Dies sehen auch die Eltern der elf Jugendlichen so und unterstützen die Reise nach Kanada. Sie müssen den Großteil der Kosten von 2000 Mark bezahlen. Sponsorengelder aufzutreiben ist schwer. Für die 14-jährige Sophie haben sämtliche Verwandte zusammengelegt, sagt Mutter Susanne Schilling-Bartetzko.

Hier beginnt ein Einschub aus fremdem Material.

Theorem lemma4 (K : fieldType) (A : algType K)
  (Delta : A -> seq (A * A)) (eps : {scalar A}) (S : {linear A -> A}) :
  inf_bialgebra Delta eps -> is_antipode Delta eps S ->
  ((forall a b : A,
      S (a * b) = eps a *: S b + eps b *: S a - (eps a * eps b) *: 1) /\
   (forall a b : A, eps a = 0 -> eps b = 0 -> S (a * b) = 0)) /\
  ((forall a : A,
      teq2 (Delta (S a)) [:: (S a, 1); (1, S a); (- (eps a) *: 1, 1)]) /\
   (forall a : A, eps a = 0 -> primitive Delta (S a))).
Proof.
case=> hD hC hcu hI hS.
have S_mul := antipode_mul hC hcu hI hS.
have Delta_S := sweedler_antipode hD hC hcu hI hS.
split; split.
- exact: S_mul.
- by move=> a b ea eb; rewrite S_mul ea eb mul0r !scale0r addr0 subr0.
- move=> a V B hB; rewrite -sweedlerE (Delta_S _ _ a hB) !big_cons big_nil /= addr0.
  by rewrite (bilinZl hB) (bilinZr hB) scaleNr addrA.
- move=> a ea V B hB; rewrite -sweedlerE (Delta_S _ _ a hB) !big_cons big_nil /= addr0.
  by rewrite (bilinZr hB) ea scale0r subr0.
Qed.
Lemma nfa_reach_from_state (S : {set Q}) w p :
  p \in nfa_reach A S w -> exists2 q, q \in S & p \in nfa_reach A [set q] w.
Proof.
elim: w S p => [|a w IHw] S p; first by exists p; rewrite ?set11.
rewrite nfa_reach_cons => /IHw [r]; rewrite nfa_reach1 => /bigcupP [q qS rq] pr.
exists q => //; rewrite nfa_reach_cons; apply: subsetP pr; apply: nfa_reachS.
by rewrite sub1set nfa_reach1; apply/bigcupP; exists q; rewrite ?set11.
Qed.

Lemma nfa_accept_fromS (S S' : {set Q}) w :
  S \subset S' -> nfa_accept_from S w -> nfa_accept_from S' w.
Proof.
move=> sSS' /existsP [q /andP [qF qS]]; apply/existsP; exists q.
by rewrite qF (subsetP (nfa_reachS w sSS')).
Qed.

Lemma nfa_accept_cat u v :
  nfa_accept A (u ++ v) = nfa_accept_from (nfa_reach A [set nfa_init A] u) v.
Proof. by rewrite /nfa_accept /nfa_accept_from nfa_reach_cat. Qed.

End NfaReach.

Lemma fooling_set_minimal_nfa (Sigma Q : finType) (A : nfa Sigma Q) (x y : Q -> seq Sigma) :
  (forall p q, nfa_accept A (x p ++ y q) = (p == q)) -> minimal_nfa A.
Proof.
move=> fool Q' B ltQ' eqBA.
have midP p : exists q', (q' \in nfa_reach B [set nfa_init B] (x p))
                         && nfa_accept_from B [set q'] (y p).
  have := fool p p; rewrite eqxx -eqBA nfa_accept_cat => /existsP [r /andP [rF]].
  case/nfa_reach_from_state => q' q'_in r_in.
  by exists q'; rewrite q'_in; apply/existsP; exists r; rewrite rF.
pose mid p := xchoose (midP p).
suff /leq_card : injective mid by rewrite leqNgt ltQ'.
move=> p p' eq_mid; apply/eqP; rewrite eq_sym -fool -eqBA nfa_accept_cat.
have /andP [_ acc_p] := xchooseP (midP p).
have /andP [mid_p' _] := xchooseP (midP p').
by apply: nfa_accept_fromS acc_p; rewrite sub1set -/(mid p) eq_mid.
Qed.

Section SubsetConstruction.
Variables (Sigma Q : finType) (A : nfa Sigma Q) (R : {set {set Q}}).

Lemma dfa_of_closed_family :
  [set nfa_init A] \in R -> (forall S a, S \in R -> nfa_reach A S [:: a] \in R) ->
  exists (Q' : finType) (D : dfa Sigma Q'), #|Q'| = #|R| /\ dfa_accept D =1 nfa_accept A.
Proof.
move=> init_R closed_R; pose inR (S : {set Q}) := S \in R; pose T := {S | inR S}.
pose delta (s : T) a : T := exist inR _ (closed_R (val s) a (valP s)).
exists T, (DFA (exist inR _ init_R) delta [set s : T | nfa_accept_from A (val s) [::]]).
split; first by rewrite card_sig; apply: eq_card => S; rewrite inE.
have run w (s : T) : val (foldl delta s w) = nfa_reach A (val s) w.
  by elim: w s => [|a w IHw] s //=; rewrite IHw.
by move=> w; rewrite /dfa_accept /= inE run.
Qed.

Lemma card_reachable_distinguishable_leq (Q' : finType) (D : dfa Sigma Q') :
  (forall S, S \in R -> exists w, nfa_reach A [set nfa_init A] w = S) ->
  {in R &, forall S S', nfa_accept_from A S =1 nfa_accept_from A S' -> S = S'} ->
  dfa_accept D =1 nfa_accept A -> #|R| <= #|Q'|.
Proof.
move=> reach_R dist_R eqDA; pose T := {S : {set Q} | S \in R}.
have word_ex (s : T) : exists w, nfa_reach A [set nfa_init A] w == val s.
  by have [w <-] := reach_R _ (valP s); exists w.
pose word s := xchoose (word_ex s).
have wordP s : nfa_reach A [set nfa_init A] (word s) = val s.
  exact/eqP/(xchooseP (word_ex s)).
pose g s := foldl (dfa_delta D) (dfa_init D) (word s).
have /leq_card : injective g.
  move=> s s' eq_g; apply/val_inj/dist_R; rewrite ?(valP s) ?(valP s') // => z.
  by rewrite -wordP -(wordP s') -!nfa_accept_cat -!eqDA /dfa_accept !foldl_cat -/(g s) eq_g.
by rewrite card_sig (eq_card (B := R)) // => S; rewrite inE.
Qed.

End SubsetConstruction.

Lemma card_between (X : finType) (A B : {set X}) k :
  A \subset B -> #|A| <= k <= #|B| ->
  exists C : {set X}, [/\ A \subset C, C \subset B & #|C| = k].
Proof.
move=> sAB; elim: k => [|k IHk] /andP [leAk lekB].
  by exists A; split => //; apply/eqP; rewrite -leqn0.
have [ltAk|gtAk|eqAk] := ltngtP #|A| k.+1; last by exists A.
- have [C [sAC sCB cardC]] : exists C : {set X}, [/\ A \subset C, C \subset B & #|C| = k].
    by apply: IHk; rewrite -ltnS ltAk ltnW.
  have /properP [_ [x xB xNC]] : C \proper B by rewrite properEcard sCB cardC.
  exists (x |: C); split; first exact: subset_trans sAC (subsetUr _ _).
    by rewrite subUset sub1set xB.
  by rewrite cardsU1 xNC cardC.
- by rewrite ltnNge leAk in gtAk.
Qed.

Familie Drust mit vier Kindern verzichtet gar auf den Urlaub, damit Sohn Raoul (14) mit nach Regina fliegen kann. "Das machen wir gerne, weil wir das wichtig finden", sagt Mutter Martina Drust. Für Raoul, den einzigen Jungen bei den "Samsen", hat das Tanzen eine ganz besondere Bedeutung. Schon mit vier Jahren hat er damit angefangen, weil er als Kind motorische Störungen hatte. "Das Tanzen war für ihn eine gute Therapie", erzählt Frau Drust. Später wollte sie es ihm sogar ausreden, damit er Sport mit anderen Jungen treibt, wie Fußball spielen. Doch für Raoul ist das Tanzen eine Leidenschaft geworden, versichert er. "Ballspiele haben mich nie interessiert." Dass er der einzige Junge ist, macht ihm nichts aus. "Ich bin das gewöhnt."

Raoul freut sich genauso wie seine Mittänzerinnen Sophie, Cassia, Lina, Hannah und Laura auf das Festival in Kanada. Die Berliner sind gespannt, Gleichgesinnte aus aller Welt zu treffen, mit ihnen zu tanzen und zu reden, sagen sie nach der Generalprobe. In ihrer "Reise durch unser Jahrhundert" lassen die Jugendlichen die deutsche Geschichte von 1911 bis 1999, Weltwirtschaftskrise, Zweiter Weltkrieg, Hippiezeit, Mauerfall bis Internet-Zeitalter, musikalisch und tänzerisch Revue passieren. Das internationale Publikum in Kanada dürfte daran Interesse finden.